• [EXERCISE PROMPT]
Lines below that include the word "task" should each be copied.

━━━━━ DATASET CONTENT

(* Processor p with counter c and memory prev (cost of the previous task
   since the last (re)start, None if none) choosing task x at time t. *)
Definition chooses (p : 'I_n) (c : int) (prev : option bool) (t : R) (x : nat) : Prop :=
  exists m1 m2 : nat,
    card_is (inL t false) m1 /\ card_is (inL t true) m2 /\
    let P := ((val p).+1 * n)%N in
    let pick b m := at_pos t b x (P %% m)%N in
    let N2 := (n ^ 2)%N in
    if (m1 < N2)%N && (m2 < N2)%N then
      (* Case 1 (if the designated list is empty, the other one is used) *)
      if prev == Some false then
        (if (0 < m2)%N then pick true m2 else pick false m1)
      else (if (0 < m1)%N then pick false m1 else pick true m2)
    else if (m2 < N2)%N then pick false m1
    else if (m1 < N2)%N then pick true m2
    else if c == gamma then pick true m2 else pick false m1.

Definition new_counter (c : int) (x : nat) : int :=
  if big E x then 0 else Order.min (c + 1) gamma.

(* local state of a processor: Down since time t; Idle with counter and
   previous-task memory, idle since time t; Busy with counter, task, start. *)
Inductive pstate :=
  | Down of R
  | Idle of int & option bool & R
  | Busy of int & nat & R.
(* Let $\mathcal{C}$ be a d-category. For every $\mathcal{C}$-language $L$ there exists a $\mathcal{C}$-automaton $X$ with $\mathrm{Lang}(X)=L$. (Conversely, $\mathrm{Lang}(X)$ is a $\mathcal{C}$-language for every $\mathcal{C}$-automaton $X$.)
   Context: A d-category is a small category $\mathcal{C}$ with wide subcategories $\mathcal{C}^+$ (formorphisms) and $\mathcal{C}^-$ (backmorphisms) such that an invertible $\varphi$ is in $\mathcal{C}^+$ iff $\varphi^{-1}\in\mathcal{C}^-$. A $\mathcal{C}$-automaton is a presheaf $X:\mathcal{C}^{op}\to\mathbf{Set}$ with sets of start and accept elements (elements are pairs $(U,x)$, $x\in X[U]$); morphisms of automata are presheaf maps preserving start and accept elements. A linear category is a bipointed d-category isomorphic to a finite (possibly empty) concatenation (gluing $\top$ to $\bot$) of $\mathbf S$ (formorphism $\bot\to\top$), $\mathbf T$ (backmorphism $\top\to\bot$), $\mathbf I$ (inverse pair); a path is a d-functor $\omega:\mathcal I\to\mathcal{C}$ from one; its track object is $\operatorname{colim}_i\mathcal{C}(-,\omega(i))$ with single start element the image of $\mathrm{id}_{\omega(\bot)}$ and single accept element the image of $\mathrm{id}_{\omega(\top)}$; a track object is an automaton isomorphic to such. For track objects, $\Delta\sqsubseteq\Gamma$ if there is a morphism of automata $\Delta\to\Gamma$. A $\mathcal{C}$-language is a class $L$ of track objects that is down-closed: $\Gamma\in L$ and $\Delta\sqsubseteq\Gamma$ imply $\Delta\in L$. $\mathrm{Lang}(X)$ is the class of track objects $\Gamma$ admitting a morphism of automata $\Gamma\to X$. *)

From Stdlib Require Import ProofIrrelevance Lia List Arith.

━━━━━━━━━━

• [OUTPUT BELOW]
(* Processor p with counter c and memory prev (cost of the previous task
   since the last (re)start, None if none) choosing task x at time t. *)
   previous-task memory, idle since time t; Busy with counter, task, start. *)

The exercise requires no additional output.